TASK DIRECTIONS —
In the records below, find the line containing "rewrite mulrA cP -prodXsub_cat -map_cat." and the line containing "have k_lt : (k < n.+1)%N by rewrite ltnS."; please repeat exactly the lines from one to the other, both included, and nothing more.

INPUT RECORDS —

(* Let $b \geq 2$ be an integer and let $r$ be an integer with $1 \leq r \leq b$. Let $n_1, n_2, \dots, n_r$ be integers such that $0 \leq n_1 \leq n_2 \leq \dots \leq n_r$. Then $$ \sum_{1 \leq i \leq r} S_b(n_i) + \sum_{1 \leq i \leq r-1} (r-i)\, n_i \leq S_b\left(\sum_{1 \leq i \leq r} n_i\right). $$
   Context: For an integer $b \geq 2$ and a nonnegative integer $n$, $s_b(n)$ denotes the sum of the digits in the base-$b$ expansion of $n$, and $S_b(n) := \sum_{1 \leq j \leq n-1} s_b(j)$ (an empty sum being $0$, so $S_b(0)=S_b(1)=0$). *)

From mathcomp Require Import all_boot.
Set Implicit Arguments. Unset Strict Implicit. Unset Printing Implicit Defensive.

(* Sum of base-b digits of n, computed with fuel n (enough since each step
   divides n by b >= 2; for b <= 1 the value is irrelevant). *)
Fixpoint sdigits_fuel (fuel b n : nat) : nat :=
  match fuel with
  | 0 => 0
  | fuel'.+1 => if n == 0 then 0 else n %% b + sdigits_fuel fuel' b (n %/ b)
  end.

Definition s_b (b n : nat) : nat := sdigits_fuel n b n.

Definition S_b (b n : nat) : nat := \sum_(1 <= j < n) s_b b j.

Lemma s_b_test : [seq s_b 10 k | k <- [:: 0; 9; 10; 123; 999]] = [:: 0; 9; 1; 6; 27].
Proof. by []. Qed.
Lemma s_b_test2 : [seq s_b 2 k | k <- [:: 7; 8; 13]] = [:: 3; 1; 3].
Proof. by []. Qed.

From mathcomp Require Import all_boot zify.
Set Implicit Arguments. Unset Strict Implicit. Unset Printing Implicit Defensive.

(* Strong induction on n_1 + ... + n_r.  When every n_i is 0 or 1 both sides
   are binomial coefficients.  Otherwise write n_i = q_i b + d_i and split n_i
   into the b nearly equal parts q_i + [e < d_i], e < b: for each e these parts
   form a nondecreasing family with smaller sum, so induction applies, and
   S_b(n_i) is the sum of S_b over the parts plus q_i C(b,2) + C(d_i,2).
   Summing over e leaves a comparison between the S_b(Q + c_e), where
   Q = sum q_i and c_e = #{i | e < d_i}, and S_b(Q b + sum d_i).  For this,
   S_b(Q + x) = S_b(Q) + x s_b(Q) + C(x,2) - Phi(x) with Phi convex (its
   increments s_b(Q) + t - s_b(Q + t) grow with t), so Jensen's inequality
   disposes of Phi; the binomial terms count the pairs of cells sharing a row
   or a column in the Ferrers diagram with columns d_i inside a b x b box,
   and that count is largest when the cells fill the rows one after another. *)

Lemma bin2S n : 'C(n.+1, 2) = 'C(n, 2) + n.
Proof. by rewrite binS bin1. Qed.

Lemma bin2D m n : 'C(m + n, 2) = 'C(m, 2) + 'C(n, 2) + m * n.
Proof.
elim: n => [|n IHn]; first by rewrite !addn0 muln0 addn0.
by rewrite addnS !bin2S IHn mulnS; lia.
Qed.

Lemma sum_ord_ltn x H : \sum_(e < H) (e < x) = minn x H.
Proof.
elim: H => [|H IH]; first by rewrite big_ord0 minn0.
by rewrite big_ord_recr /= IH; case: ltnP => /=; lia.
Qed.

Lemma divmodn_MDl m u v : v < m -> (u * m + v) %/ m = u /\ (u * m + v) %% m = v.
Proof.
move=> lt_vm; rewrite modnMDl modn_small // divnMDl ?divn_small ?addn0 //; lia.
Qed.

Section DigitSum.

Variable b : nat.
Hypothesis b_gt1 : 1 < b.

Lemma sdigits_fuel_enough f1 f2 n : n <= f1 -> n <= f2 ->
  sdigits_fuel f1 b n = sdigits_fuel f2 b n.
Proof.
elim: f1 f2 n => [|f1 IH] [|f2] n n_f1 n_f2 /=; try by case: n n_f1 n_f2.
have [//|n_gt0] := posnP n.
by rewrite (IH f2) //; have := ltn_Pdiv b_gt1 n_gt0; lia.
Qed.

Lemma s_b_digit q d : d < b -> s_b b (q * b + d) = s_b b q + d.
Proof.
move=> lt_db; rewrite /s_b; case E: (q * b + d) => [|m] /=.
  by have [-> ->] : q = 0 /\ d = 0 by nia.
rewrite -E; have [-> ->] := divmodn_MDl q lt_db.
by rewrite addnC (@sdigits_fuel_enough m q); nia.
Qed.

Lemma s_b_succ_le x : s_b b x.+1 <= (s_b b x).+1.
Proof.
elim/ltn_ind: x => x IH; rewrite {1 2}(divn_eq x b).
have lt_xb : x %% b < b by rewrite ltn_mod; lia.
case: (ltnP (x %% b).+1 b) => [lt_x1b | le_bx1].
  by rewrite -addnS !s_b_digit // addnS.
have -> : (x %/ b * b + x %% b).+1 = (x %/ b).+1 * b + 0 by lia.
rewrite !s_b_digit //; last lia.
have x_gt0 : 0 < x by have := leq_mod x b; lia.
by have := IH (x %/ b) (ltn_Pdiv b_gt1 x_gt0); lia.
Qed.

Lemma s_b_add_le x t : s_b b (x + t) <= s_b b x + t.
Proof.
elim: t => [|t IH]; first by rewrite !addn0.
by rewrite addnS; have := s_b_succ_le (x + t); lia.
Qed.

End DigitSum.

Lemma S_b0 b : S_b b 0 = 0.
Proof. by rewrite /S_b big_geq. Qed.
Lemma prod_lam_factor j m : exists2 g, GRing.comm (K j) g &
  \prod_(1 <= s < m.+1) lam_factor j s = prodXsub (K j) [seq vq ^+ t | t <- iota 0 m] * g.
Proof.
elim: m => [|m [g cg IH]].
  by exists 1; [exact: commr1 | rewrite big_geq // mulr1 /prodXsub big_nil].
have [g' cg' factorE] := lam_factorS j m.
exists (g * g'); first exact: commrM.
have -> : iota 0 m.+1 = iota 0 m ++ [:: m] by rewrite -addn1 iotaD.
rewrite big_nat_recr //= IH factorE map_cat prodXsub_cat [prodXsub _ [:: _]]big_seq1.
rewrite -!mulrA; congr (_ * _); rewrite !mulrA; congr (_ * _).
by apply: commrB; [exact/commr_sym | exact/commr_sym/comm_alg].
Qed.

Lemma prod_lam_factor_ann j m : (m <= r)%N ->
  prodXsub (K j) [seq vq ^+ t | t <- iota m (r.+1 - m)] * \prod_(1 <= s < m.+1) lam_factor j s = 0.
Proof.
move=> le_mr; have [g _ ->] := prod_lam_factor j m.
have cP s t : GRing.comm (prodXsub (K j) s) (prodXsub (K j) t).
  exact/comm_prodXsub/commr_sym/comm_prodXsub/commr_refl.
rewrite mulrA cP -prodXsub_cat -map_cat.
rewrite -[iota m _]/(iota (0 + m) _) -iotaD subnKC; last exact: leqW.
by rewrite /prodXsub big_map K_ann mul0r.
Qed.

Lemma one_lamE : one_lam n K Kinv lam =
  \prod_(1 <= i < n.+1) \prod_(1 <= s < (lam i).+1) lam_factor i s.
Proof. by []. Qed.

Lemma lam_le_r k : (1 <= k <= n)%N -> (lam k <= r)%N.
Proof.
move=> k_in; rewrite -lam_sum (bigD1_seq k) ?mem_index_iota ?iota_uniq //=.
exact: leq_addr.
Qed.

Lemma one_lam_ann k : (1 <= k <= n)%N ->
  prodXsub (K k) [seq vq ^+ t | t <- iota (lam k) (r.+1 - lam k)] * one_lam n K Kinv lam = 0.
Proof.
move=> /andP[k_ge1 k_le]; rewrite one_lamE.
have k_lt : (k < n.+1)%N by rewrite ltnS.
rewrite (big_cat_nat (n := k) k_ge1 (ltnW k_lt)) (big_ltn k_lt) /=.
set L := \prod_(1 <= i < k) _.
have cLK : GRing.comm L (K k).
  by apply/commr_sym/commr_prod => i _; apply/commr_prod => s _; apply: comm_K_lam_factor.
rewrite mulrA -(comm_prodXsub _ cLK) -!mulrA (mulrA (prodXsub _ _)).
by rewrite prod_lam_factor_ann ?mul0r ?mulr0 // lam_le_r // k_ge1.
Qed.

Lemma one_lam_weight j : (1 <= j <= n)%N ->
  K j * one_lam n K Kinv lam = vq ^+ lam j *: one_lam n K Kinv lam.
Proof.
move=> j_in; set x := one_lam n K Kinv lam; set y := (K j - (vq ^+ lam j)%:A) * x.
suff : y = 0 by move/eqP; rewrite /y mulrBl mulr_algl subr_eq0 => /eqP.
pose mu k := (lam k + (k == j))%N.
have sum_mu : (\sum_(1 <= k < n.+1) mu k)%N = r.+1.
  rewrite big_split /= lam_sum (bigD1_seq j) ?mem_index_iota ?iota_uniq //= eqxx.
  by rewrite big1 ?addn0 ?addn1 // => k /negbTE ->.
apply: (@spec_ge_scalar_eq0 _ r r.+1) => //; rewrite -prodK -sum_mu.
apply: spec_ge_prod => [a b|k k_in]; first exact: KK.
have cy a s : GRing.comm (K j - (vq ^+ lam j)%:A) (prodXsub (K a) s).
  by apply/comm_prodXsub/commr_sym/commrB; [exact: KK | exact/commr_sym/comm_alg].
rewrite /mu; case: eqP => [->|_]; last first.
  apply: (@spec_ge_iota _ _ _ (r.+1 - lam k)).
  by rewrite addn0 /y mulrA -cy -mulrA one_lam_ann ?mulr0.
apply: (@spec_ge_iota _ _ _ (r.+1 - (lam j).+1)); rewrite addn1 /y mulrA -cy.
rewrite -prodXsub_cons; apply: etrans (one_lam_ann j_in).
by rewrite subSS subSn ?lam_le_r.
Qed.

OUTPUT —
rewrite mulrA cP -prodXsub_cat -map_cat.
rewrite -[iota m _]/(iota (0 + m) _) -iotaD subnKC; last exact: leqW.
by rewrite /prodXsub big_map K_ann mul0r.
Qed.

Lemma one_lamE : one_lam n K Kinv lam =
  \prod_(1 <= i < n.+1) \prod_(1 <= s < (lam i).+1) lam_factor i s.
Proof. by []. Qed.

Lemma lam_le_r k : (1 <= k <= n)%N -> (lam k <= r)%N.
Proof.
move=> k_in; rewrite -lam_sum (bigD1_seq k) ?mem_index_iota ?iota_uniq //=.
exact: leq_addr.
Qed.

Lemma one_lam_ann k : (1 <= k <= n)%N ->
  prodXsub (K k) [seq vq ^+ t | t <- iota (lam k) (r.+1 - lam k)] * one_lam n K Kinv lam = 0.
Proof.
move=> /andP[k_ge1 k_le]; rewrite one_lamE.
have k_lt : (k < n.+1)%N by rewrite ltnS.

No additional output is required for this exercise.